▶ **Records provided**:
Lemma prod_quadratic_at_roots (R : comNzRingType) (t1 t2 t3 c0 c1 c2 : R) :
  let e1 := t1 + t2 + t3 in let e2 := t1 * t2 + t1 * t3 + t2 * t3 in
  let e3 := t1 * t2 * t3 in
  (c2 * t1 ^+ 2 + c1 * t1 + c0) * (c2 * t2 ^+ 2 + c1 * t2 + c0)
    * (c2 * t3 ^+ 2 + c1 * t3 + c0)
  = c0 ^+ 3 + e3 * c1 ^+ 3 - 3%:R * e3 * c0 * c1 * c2 + e3 ^+ 2 * c2 ^+ 3
    + e2 * c0 * c1 ^+ 2 - 2%:R * e2 * c0 ^+ 2 * c2 + e2 * e3 * c1 * c2 ^+ 2
    + e2 ^+ 2 * c0 * c2 ^+ 2 + e1 * c0 ^+ 2 * c1 + e1 * e3 * c1 ^+ 2 * c2
    - 2%:R * e1 * e3 * c0 * c2 ^+ 2 + e1 * e2 * c0 * c1 * c2 + e1 ^+ 2 * c0 ^+ 2 * c2.
Proof. by move=> e1 e2 e3; rewrite /e1 /e2 /e3; ring. Qed.

(* The point (w:w:t:1:t) with w = - t^2 / (1 + t) is singular on X_{a,b}
   exactly when diag_cubic b t = 0 = diag_quintic a t. *)
Definition diag_cubic (R : nzRingType) (b t : R) : R :=
  t ^+ 2 * (3%:R * t + 4%:R) - b * (1 + t) ^+ 2.
Definition diag_quintic (R : nzRingType) (a t : R) : R :=
  t ^+ 4 * (t + 2%:R) + a * (1 + t) ^+ 2.
Lemma ucls_eq x y : ucls x = ucls y <-> uequiv x y.
Proof.
split => xy.
  by have : proj1_sig (ucls x) y by rewrite xy; exact: uequiv_refl.
apply: uquot_eq; apply: functional_extensionality => z; apply: propositional_extensionality.
by split; [apply: uequiv_trans (uequiv_sym xy) | apply: uequiv_trans xy].
Qed.

Lemma uclsK x : uequiv (urep (ucls x)) x.
Proof. by apply/ucls_eq; rewrite urepK. Qed.

Definition ultraproduct : structure S :=
  @Structure S uquot (ucls (fun i => dom_pt (B i)))
    (fun f args => ucls (fun i => funs (B i) f (fun j => urep (args j) i)))
    (fun p args => U (fun i => preds (B i) p (fun j => urep (args j) i))).

Lemma ultra_urep_ucls n (v : 'I_n -> uprod) :
  U (fun i => (fun j => urep (ucls (v j)) i) = (fun j => v j i)).
Proof.
apply: (ultraS HU) (ultra_all_ord HU (fun j => uclsK (v j))) => i vi.
exact: functional_extensionality.
Qed.

Lemma ultraproduct_funs f (v : 'I_(fari f) -> uprod) :
  funs ultraproduct f (fun j => ucls (v j)) = ucls (fun i => funs (B i) f (fun j => v j i)).
Proof. by apply/ucls_eq; apply: (ultraS HU) (ultra_urep_ucls v) => i /= ->. Qed.

Lemma ultraproduct_preds p (v : 'I_(pari p) -> uprod) :
  preds ultraproduct p (fun j => ucls (v j)) <-> U (fun i => preds (B i) p (fun j => v j i)).
Proof.
have UE := ultra_urep_ucls v.
split => /= Hp; apply: (ultraS HU) (ultraI HU Hp UE) => i [Hi E].
  by rewrite -E.
by rewrite E.
Qed.

Lemma eval_ultraproduct (e : nat -> uprod) t :
  eval (A:=ultraproduct) (fun k => ucls (e k)) t = ucls (fun i => eval (A:=B i) (fun k => e k i) t).
Proof.
elim/term_nested_ind: t => [x|f args IH] //.
by rewrite -ultraproduct_funs -(functional_extensionality _ _ IH).
Qed.

Definition upd_prod (e : nat -> uprod) x (y : uprod) : nat -> uprod :=
  fun k => if Nat.eqb k x then y else e k.

Lemma upd_ucls e x y :
  upd (A:=ultraproduct) (fun k => ucls (e k)) x (ucls y) = (fun k => ucls (upd_prod e x y k)).
Proof. by apply: functional_extensionality => k; rewrite /upd /upd_prod; case: Nat.eqb. Qed.

Lemma upd_prod_at e x y i :
  (fun k => upd_prod e x y k i) = upd (A:=B i) (fun k => e k i) x (y i).
Proof. by apply: functional_extensionality => k; rewrite /upd /upd_prod; case: Nat.eqb. Qed.

Lemma ultra_exists_prod (P : forall i, dom (B i) -> Prop) :
  U (fun i => exists a, P i a) -> exists y : uprod, U (fun i => P i (y i)).
Proof.
move=> UP; exists (fun i => epsilon (inhabits (dom_pt (B i))) (P i)).
by apply: (ultraS HU) UP => i; apply: epsilon_spec.
Qed.

Theorem sat_ultraproduct (F : form S) (e : nat -> uprod) :
  sat (A:=ultraproduct) (fun k => ucls (e k)) F <-> U (fun i => sat (A:=B i) (fun k => e k i) F).
Proof.
elim: F e => [| |t u|p args|G IH|G IHG H IHH|G IHG H IHH|G IHG H IHH|x G IH|x G IH] e; cbn [sat].
- by split => //; apply: (ultra0 HU).
- by split => // _; apply: (ultraT HU).
- by rewrite !eval_ultraproduct ucls_eq.
- rewrite (functional_extensionality _ _ (fun j => eval_ultraproduct e (args j))).
  exact: ultraproduct_preds.
- by rewrite IH ultraN.
- by rewrite IHG IHH ultra_and.
- by rewrite IHG IHH ultra_or.
- by rewrite IHG IHH ultra_imp.
- split => [Hall|UG a].
    apply: NNPP => /(ultraN HU) UnG.
    have : U (fun i => exists a, ~ sat (A:=B i) (upd (A:=B i) (fun k => e k i) x a) G).
      by apply: (ultraS HU) UnG => i /not_all_ex_not.
    case/ultra_exists_prod => y Uy.
    have := Hall (ucls y); rewrite upd_ucls IH => UG.
    apply: (ultra0 HU); apply: (ultraS HU) (ultraI HU UG Uy) => i [].
    by rewrite upd_prod_at.
  rewrite -(urepK a) upd_ucls IH.
  by apply: (ultraS HU) UG => i; rewrite upd_prod_at.
- split => [[a]|UG].
    rewrite -(urepK a) upd_ucls IH; apply: (ultraS HU) => i.
    by rewrite upd_prod_at; exists (urep a i).
  have [y Uy] := ultra_exists_prod UG.
  exists (ucls y); rewrite upd_ucls IH.
  by apply: (ultraS HU) Uy => i; rewrite upd_prod_at.
Qed.
(* Let $x_0\in\mathbb{R}\cup\{+\infty\}$, $T<x_0$, $I=[T,x_0)$, and let $\phi_1,\phi_2\in C^1(I)$ satisfy $\phi_2(x)=o(\phi_1(x))$ as $x\to x_0$, $\phi_1(x)>0$ and $\phi_2(x)\neq0$ for all $x\in I$, and $W(x):=W(\phi_1,\phi_2;x)>0$ for all $x\in I$. Let $f\in\mathcal{C}(\phi_1,\phi_2;(T,x_0))$. Then: (i) $f$ is absolutely continuous on every compact subinterval of $(T,x_0)$; (ii) the functions $f_1^*,f_2^*,F^*$ are defined a.e. on $(T,x_0)$ and, for some Lebesgue null set $N$, are monotonic on $(T,x_0)\setminus N$: $f_2^*$ is increasing; $f_1^*$ and $F^*$ have opposite types of monotonicity; and $(\operatorname{sign}\phi_2)\cdot F^*$ is increasing; (iii) for any real constants $a_1,a_2$ and any nontrivial linear combination $\tilde\phi$ of $\phi_1,\phi_2$, the function $[f(x)+a_1\phi_1(x)+a_2\phi_2(x)]/\tilde\phi(x)$ is either constant or strictly monotonic on a suitable deleted one-sided neighborhood (within $(T,x_0)$) of each of the endpoints $T$ and $x_0$; (iv) the two limits $$\lim_{x\to x_0}\frac{f(x)}{\phi_1(x)},\qquad \lim_{x\to x_0}\frac{(f(x)/\phi_2(x))'}{(\phi_1(x)/\phi_2(x))'}$$ exist in $\overline{\mathbb{R}}=\mathbb{R}\cup\{\pm\infty\}$ and are equal.
   Context: Limits as $x\to x_0$ are taken for $x<x_0$, over points where the functions are defined. For differentiable $g,h$, $W(g,h;x):=g(x)h'(x)-g'(x)h(x)$. Generalized convexity: for a pair $(\psi_1,\psi_2)$ of continuous functions on an interval $J$, a function $f:J\to\mathbb{R}$ belongs to $\mathcal{C}(\psi_1,\psi_2;J)$ iff for all $t_1<t_2<t_3$ in $J$ $$\det\begin{pmatrix}\psi_1(t_1)&\psi_1(t_2)&\psi_1(t_3)\\ \psi_2(t_1)&\psi_2(t_2)&\psi_2(t_3)\\ f(t_1)&f(t_2)&f(t_3)\end{pmatrix}\ge0.$$ Definitions: at points $t$ where $f$ is differentiable, $f_1^*(t):=W(f,\phi_2;t)/W(t)$, $f_2^*(t):=-W(f,\phi_1;t)/W(t)$; $\Phi(x):=\phi_2(T)\phi_1(x)-\phi_1(T)\phi_2(x)$; $F^*(t):=\phi_1(T)f_1^*(t)+\phi_2(T)f_2^*(t)=W(\Phi,f;t)/W(t)$. ''Increasing'' means nondecreasing. *)

From HB Require Import structures.
From mathcomp Require Import all_boot all_order all_algebra.
From mathcomp Require Import all_classical all_reals all_analysis.
Set Implicit Arguments.
Unset Strict Implicit.
Unset Printing Implicit Defensive.
Import Order.TTheory GRing.Theory Num.Theory.
Import numFieldNormedType.Exports.
Local Open Scope classical_set_scope.
Local Open Scope ring_scope.

Section Defs.
Variable R : realType.

(* The filter "x -> x0, x < x0" for x0 in R \cup {+oo} (-oo is never used,
   since x0 > T always). *)
Definition toward (x0 : \bar R) : set_system R :=
  match x0 with
  | EFin r => at_left r
  | EPInf => pinfty_nbhs R
  | ENInf => ninfty_nbhs R
  end.

Definition Ico_e (T : R) (x0 : \bar R) : set R :=
  [set x | T <= x /\ (x%:E < x0)%E].
Definition Ioo_e (a : R) (x0 : \bar R) : set R :=
  [set x | a < x /\ (x%:E < x0)%E].

Definition C1_Ico (T : R) (x0 : \bar R) (phi dphi : R -> R) : Prop :=
  [/\ (forall x, Ioo_e T x0 x -> is_derive x (1 : R) phi (dphi x)),
      (fun h : R => (phi (T + h) - phi T) / h) @ 0^'+ --> dphi T
    & {within Ico_e T x0, continuous dphi}].

Definition Wr (g dg h dh : R -> R) (x : R) : R := g x * dh x - dg x * h x.

Definition gen_convex (psi1 psi2 : R -> R) (J : set R) (f : R -> R) : Prop :=
  forall t1 t2 t3 : R, J t1 -> J t2 -> J t3 -> t1 < t2 -> t2 < t3 ->
    0 <= \det (\matrix_(i < 3, j < 3)
                 (nth (fun _ => 0) [:: psi1; psi2; f] i) (nth 0 [:: t1; t2; t3] j)).
(* Let $R$ be a ring such that $\mathrm{char}(R)$ is finite and $J(R)$ is nil of bounded index. If the group $U(R/J(R))$ has finite exponent, then so does $U(R)$. If additionally $R/J(R)$ is clean, then $R$ is $n$-torsion clean for some $n\in\mathbb{N}$.
   Context: All rings are associative with identity; $\mathrm{char}(R):=|1\cdot\mathbb{Z}|$, $J(R)$ is the Jacobson radical, $U(\cdot)$ the unit group. An ideal $I$ is nil of bounded index if there is $k$ with $r^k=0$ for all $r\in I$. A ring is clean if every element is a sum of an idempotent and a unit. A ring $R$ is $n$-torsion clean if every $r\in R$ can be written $r=e+u$ with $e^2=e$, $u$ a unit, $u^n=1$, and $n$ is the smallest natural number with this property. *)

From HB Require Import structures.
From mathcomp Require Import all_boot all_order all_algebra.
Set Implicit Arguments. Unset Strict Implicit. Unset Printing Implicit Defensive.
Import GRing.Theory.
Local Open Scope ring_scope.

(* All rings: associative with identity (possibly the zero ring, possibly
   noncommutative, possibly infinite): MathComp's pzRingType. *)

Definition is_unit (R : pzRingType) (u : R) : Prop :=
  exists v : R, u * v = 1 /\ v * u = 1.

Definition finite_char (R : pzRingType) : Prop :=
  exists n : nat, (0 < n)%N /\ n%:R = 0 :> R.

Definition jacobson (R : pzRingType) (x : R) : Prop :=
  forall r : R, is_unit (1 - r * x).

Definition nil_bounded_index (R : pzRingType) (I : R -> Prop) : Prop :=
  exists k : nat, forall r : R, I r -> r ^+ k = 0.

Definition units_finite_exponent (R : pzRingType) : Prop :=
  exists m : nat, (0 < m)%N /\ forall u : R, is_unit u -> u ^+ m = 1.

(* The quotient R / J(R), written out on coset representatives:
   the coset a + J is a unit of R/J iff there is b with ab - 1, ba - 1 in J. *)
Definition unit_mod_J (R : pzRingType) (a : R) : Prop :=
  exists b : R, jacobson (a * b - 1) /\ jacobson (b * a - 1).

Definition quot_units_finite_exponent (R : pzRingType) : Prop :=
  exists m : nat, (0 < m)%N /\
    forall a : R, unit_mod_J a -> jacobson (a ^+ m - 1).

Definition quot_clean (R : pzRingType) : Prop :=
  forall r : R, exists e u : R,
    jacobson (e * e - e) /\ unit_mod_J u /\ jacobson (r - (e + u)).

Definition torsion_clean_with (R : pzRingType) (n : nat) : Prop :=
  forall r : R, exists e u : R,
    e * e = e /\ is_unit u /\ u ^+ n = 1 /\ r = e + u.

Definition n_torsion_clean (R : pzRingType) (n : nat) : Prop :=
  (0 < n)%N /\ torsion_clean_with R n /\
  forall m : nat, (0 < m)%N -> (m < n)%N -> ~ torsion_clean_with R m.

(* If u^m = 1 modulo J, then u^m = 1 + x with x^k = 0.  Since 1 and x commute,
   the binomial theorem applies, and n divides C(n k!, i) for 0 < i < k, so
   (1 + x)^(n k!) = 1 in characteristic n: U(R) has exponent dividing m n k!.
   For cleanness, idempotents lift modulo the nil ideal J along the Newton
   iteration x |-> x + (1 - 2x)(x^2 - x) = 3x^2 - 2x^3, whose defect
   (x')^2 - x' = (4y - 3) y^2, y = x^2 - x, is nilpotent of half the index;
   and units modulo J are units.  So every r is f + u with f idempotent and u a
   unit, whence u^(m n k!) = 1, and a least such exponent exists. *)

From HB Require Import structures.
From mathcomp Require Import all_boot all_order all_algebra.
From Stdlib Require Import Classical.
Set Implicit Arguments.
Unset Strict Implicit.
Unset Printing Implicit Defensive.

Import GRing.Theory.
Local Open Scope ring_scope.

Section Jacobson.
Variable R : pzRingType.
Implicit Types a b p q r s x y : R.

Lemma is_unitM a b : is_unit a -> is_unit b -> is_unit (a * b).
Proof.
move=> [a' [aa' a'a]] [b' [bb' b'b]]; exists (b' * a'); split.
  by rewrite mulrA -(mulrA a) bb' mulr1.
by rewrite mulrA -(mulrA b') a'a mulr1.
Qed.

Lemma is_unit_one_sub_mulC p q : is_unit (1 - p * q) -> is_unit (1 - q * p).
Proof.
move=> [v [hv vh]]; exists (1 + q * v * p); split.
  have -> : (1 - q * p) * (1 + q * v * p) =
            1 - q * p + q * ((1 - p * q) * v) * p.
    rewrite mulrBl !mulrDr !mul1r !mulr1 mulrBl mulrBr mul1r !mulrA.
    by rewrite mulrBl opprD !addrA (addrAC 1).
  by rewrite hv mulr1 subrK.
have -> : (1 + q * v * p) * (1 - q * p) =
          1 - q * p + q * (v * (1 - p * q)) * p.
  by rewrite mulrDl !mulrBr !mul1r !mulr1 !mulrA mulrBl.
by rewrite vh mulr1 subrK.
Qed.

Lemma jacobson0 : jacobson (0 : R).
Proof. by move=> r; rewrite mulr0 subr0; exists 1; rewrite mulr1. Qed.

Lemma jacobsonMl s y : jacobson y -> jacobson (s * y).
Proof. by move=> Jy r; rewrite mulrA; apply: Jy. Qed.

Lemma jacobsonMr y s : jacobson y -> jacobson (y * s).
Proof.
by move=> Jy r; rewrite mulrA; apply: is_unit_one_sub_mulC; rewrite mulrA.
Qed.

Lemma jacobsonD x y : jacobson x -> jacobson y -> jacobson (x + y).
Proof.
move=> Jx Jy r; have [v [hv vh]] := Jx r.
have -> : 1 - r * (x + y) = (1 - r * x) * (1 - v * r * y).
  by rewrite mulrBr mulr1 !mulrA hv mul1r mulrDr opprD addrA.
by apply: is_unitM; [exists v | apply: Jy].
Qed.

Lemma jacobsonN x : jacobson x -> jacobson (- x).
Proof. by rewrite -mulN1r; apply: jacobsonMl. Qed.

Lemma jacobsonB x y : jacobson x -> jacobson y -> jacobson (x - y).
Proof. by move=> Jx Jy; apply/jacobsonD/jacobsonN. Qed.

Lemma is_unit_one_add_jacobson x : jacobson x -> is_unit (1 + x).
Proof. by move=> Jx; have := Jx (-1); rewrite mulN1r opprK. Qed.

Lemma is_unit_unit_mod_J a : is_unit a -> unit_mod_J a.
Proof.
by move=> [b [ab ba]]; exists b; rewrite ab ba subrr; split; apply: jacobson0.
Qed.

Lemma unit_mod_J_is_unit a : unit_mod_J a -> is_unit a.
Proof.
move=> [b [Jab Jba]].
have [c [abc cab]] : is_unit (a * b).
  by have := is_unit_one_add_jacobson Jab; rewrite addrC subrK.
have [d [bad dba]] : is_unit (b * a).
  by have := is_unit_one_add_jacobson Jba; rewrite addrC subrK.
have db_bc : d * b = b * c.
  by rewrite -[d * b]mulr1 -abc !mulrA -(mulrA d) dba mul1r.
by exists (b * c); split; [rewrite mulrA abc | rewrite -db_bc -mulrA dba].
Qed.

Lemma unit_mod_J_congr a u : jacobson (a - u) -> unit_mod_J u -> unit_mod_J a.
Proof.
move=> Jau [b [Jub Jbu]]; exists b; split.
  have -> : a * b - 1 = (u * b - 1) + (a - u) * b.
    by rewrite mulrBl [RHS]addrC -addrA addKr.
  by apply: jacobsonD => //; apply: jacobsonMr.
have -> : b * a - 1 = (b * u - 1) + b * (a - u).
  by rewrite mulrBr [RHS]addrC -addrA addKr.
by apply: jacobsonD => //; apply: jacobsonMl.
Qed.

End Jacobson.

Lemma dvdn_bin_mul_fact n k i : (0 < i < k)%N -> (n %| 'C(n * k`!, i))%N.
Proof.
case: i => [//|i] /andP[_ lt_ik].
have [t fact_k] : exists t, k`! = (t * i.+1)%N.
  by apply/dvdnP; apply: dvdn_fact; rewrite /= ltnW.
have := mul_bin_diag (n * k`!) i.
rewrite {1}fact_k mulnA mulnAC mulnC => /eqP; rewrite eqn_pmul2l // => /eqP <-.
by rewrite -mulnA dvdn_mulr.
Qed.

Lemma expr_nilpotent_add1 (R : pzRingType) n k (x : R) :
  n%:R = 0 :> R -> x ^+ k = 0 -> (x + 1) ^+ (n * k`!) = 1.
Proof.
move=> char_n nil_x; rewrite exprD1n big_ord_recl expr0 bin0 mulr1n big1 ?addr0 //.
move=> [i lt_i] _ /=; rewrite /bump /= add1n.
have [le_ki | lt_ik] := leqP k i.+1.
  by rewrite -(subnK le_ki) exprD nil_x mulr0 mul0rn.
have [q ->] := dvdnP (@dvdn_bin_mul_fact n k i.+1 lt_ik).
by rewrite mulrnA -mulr_natr char_n mulr0.
Qed.

Lemma units_exponent_lift (R : pzRingType) n k m :
  n%:R = 0 :> R -> (forall r : R, jacobson r -> r ^+ k = 0) ->
  (forall a : R, unit_mod_J a -> jacobson (a ^+ m - 1)) ->
  forall u : R, is_unit u -> u ^+ (m * (n * k`!)) = 1.
Proof.
move=> char_n nilJ expJ u /is_unit_unit_mod_J/expJ/nilJ nil_x.
by rewrite exprM -[u ^+ m](subrK 1); apply: expr_nilpotent_add1.
Qed.

Section IdempotentLifting.
Variable R : pzRingType.
Implicit Types x y c : R.

Lemma sqr_sub_self_add_comm x y c :
  GRing.comm c x -> GRing.comm c y -> GRing.comm x y ->
  (x + c * y) * (x + c * y) - (x + c * y) =
  x * x - x + c * (x *+ 2 - 1) * y + c * c * (y * y).
Proof.
move=> cx cy xy.
rewrite mulrDl !mulrDr -!mulrA (mulrA y c) -cy -(mulrA c) -xy !mulrA -cx.
rewrite mulrN1 !mulrDl mulNr opprD !addrA [RHS]addrAC; congr (_ + _).
by rewrite !(addrAC _ (- x)).
Qed.

Definition idem_step x := x + (1 - x *+ 2) * (x * x - x).

Lemma comm_sqr_sub_self x : GRing.comm x (x * x - x).
Proof. by rewrite /GRing.comm mulrBr mulrBl mulrA. Qed.

Lemma sqr_one_sub_double x :
  (1 - x *+ 2) * (1 - x *+ 2) = 1 + (x * x - x) *+ 4.
Proof.
rewrite mulrBl mul1r mulrBr mulr1 mulrnAl mulrnAr -mulrnA mulrnBl opprB.
by rewrite -addrA; congr (_ + _); rewrite addrCA -opprD -mulrnDr.
Qed.

Lemma idem_step_sub x : idem_step x - x = (1 - x *+ 2) * (x * x - x).
Proof. by rewrite /idem_step addrC addKr. Qed.

Lemma idem_step_defect x :
  idem_step x * idem_step x - idem_step x =
  ((x * x - x) *+ 4 - 3) * ((x * x - x) * (x * x - x)).
Proof.
have cx : GRing.comm (1 - x *+ 2) x.
  exact/commr_sym/commrB/commrMn/commr_refl/commr1.
rewrite /idem_step sqr_sub_self_add_comm //; last exact: comm_sqr_sub_self.
  rewrite -[x *+ 2 - 1]opprB mulrN sqr_one_sub_double; move: (x * x - x) => y.
  rewrite mulNr mulrDl mul1r opprD addrA subrr add0r [(1 + _) * _]mulrDl mul1r.
  rewrite mulrnAl mulrBl mulr_natl.
  by rewrite addrC [y * y *+ 4]mulrS [y * y + _]addrC addrKA.
by apply: commrB => //; apply: commrM.
Qed.

Lemma lift_idempotent_pow2 j x :
  (x * x - x) ^+ (2 ^ j) = 0 -> jacobson (x * x - x) ->
  exists f, f * f = f /\ jacobson (f - x).
Proof.
elim: j x => [|j IHj] x nil_y J_y.
  exists x; split; last by rewrite subrr; apply: jacobson0.
  by apply/eqP; rewrite -subr_eq0 -(expr1 (x * x - x)) nil_y.
have [f [idem_f J_f]] : exists f, f * f = f /\ jacobson (f - idem_step x).
  apply: IHj.
  - rewrite idem_step_defect; move: (x * x - x) nil_y => y nil_y.
    rewrite exprMn_comm; last first.
      apply/commr_sym/commrB; last exact: commr_nat.
      exact/commrMn/commr_sym/commrM/commr_refl/commr_refl.
    by rewrite -expr2 -exprM -expnS nil_y mulr0.
  - by rewrite idem_step_defect; apply/jacobsonMl/jacobsonMr.
exists f; split=> //.
rewrite -(subrK (idem_step x) f) -addrA idem_step_sub.
by apply: jacobsonD => //; apply: jacobsonMl.
Qed.

Lemma lift_idempotent k x : (forall r : R, jacobson r -> r ^+ k = 0) ->
  jacobson (x * x - x) -> exists f, f * f = f /\ jacobson (f - x).
Proof.
move=> nilJ J_y; apply: (@lift_idempotent_pow2 k) => //.
have le_k_2k : (k <= 2 ^ k)%N by apply/ltnW/ltn_expl.
by rewrite -(subnK le_k_2k) exprD nilJ // mulr0.
Qed.

End IdempotentLifting.

Lemma clean_of_quot_clean (R : pzRingType) k :
  (forall r : R, jacobson r -> r ^+ k = 0) -> quot_clean R ->
  forall r : R, exists e u : R, e * e = e /\ is_unit u /\ r = e + u.
Proof.
move=> nilJ cleanJ r; have [e [u [J_e [unit_u J_r]]]] := cleanJ r.
have [f [idem_f J_fe]] := lift_idempotent nilJ J_e.
exists f, (r - f); split=> //; split; last by rewrite addrC subrK.
apply/unit_mod_J_is_unit/(unit_mod_J_congr _ unit_u).
have -> : r - f - u = (r - (e + u)) - (f - e).
  by rewrite opprD opprB !addrA (addrAC _ (- u)) subrK addrAC.
exact: jacobsonB.
Qed.

Lemma exists_least_pos (P : nat -> Prop) M : (0 < M)%N -> P M ->
  exists n, (0 < n)%N /\ P n /\ forall m, (0 < m)%N -> (m < n)%N -> ~ P m.
Proof.
elim/ltn_ind: M => M IH M_gt0 PM.
have [[m [m_gt0 [lt_mM Pm]]] | no_less] :=
  classic (exists m, (0 < m)%N /\ (m < M)%N /\ P m).
  exact: IH m lt_mM m_gt0 Pm.
by exists M; do ![split] => // m m_gt0 lt_mM Pm; apply: no_less; exists m.
Qed.

Theorem corollary2p11 (R : pzRingType) :
  finite_char R ->
  nil_bounded_index (@jacobson R) ->
  quot_units_finite_exponent R ->
  units_finite_exponent R /\
  (quot_clean R -> exists n : nat, n_torsion_clean R n).
Proof.
move=> [n [n_gt0 char_n]] [k nilJ] [m [m_gt0 expJ]].
have M_gt0 : (0 < m * (n * k`!))%N by rewrite !muln_gt0 m_gt0 n_gt0 fact_gt0.
have expU := units_exponent_lift char_n nilJ expJ.
split; first by exists (m * (n * k`!))%N.
move=> cleanJ; apply: (exists_least_pos M_gt0) => r.
have [e [u [idem_e [unit_u ->]]]] := clean_of_quot_clean nilJ cleanJ r.
by exists e, u; do ![split] => //; apply: expU.
Qed.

▶ **Brief**:
Please give an exact copy of the entries above, from the line with "Definition diag_quintic (R" down to the line with "by have : proj1_sig", inclusive, and nothing else.

▶ **Problem solution**:
Definition diag_quintic (R : nzRingType) (a t : R) : R :=
  t ^+ 4 * (t + 2%:R) + a * (1 + t) ^+ 2.
Lemma ucls_eq x y : ucls x = ucls y <-> uequiv x y.
Proof.
split => xy.
  by have : proj1_sig (ucls x) y by rewrite xy; exact: uequiv_refl.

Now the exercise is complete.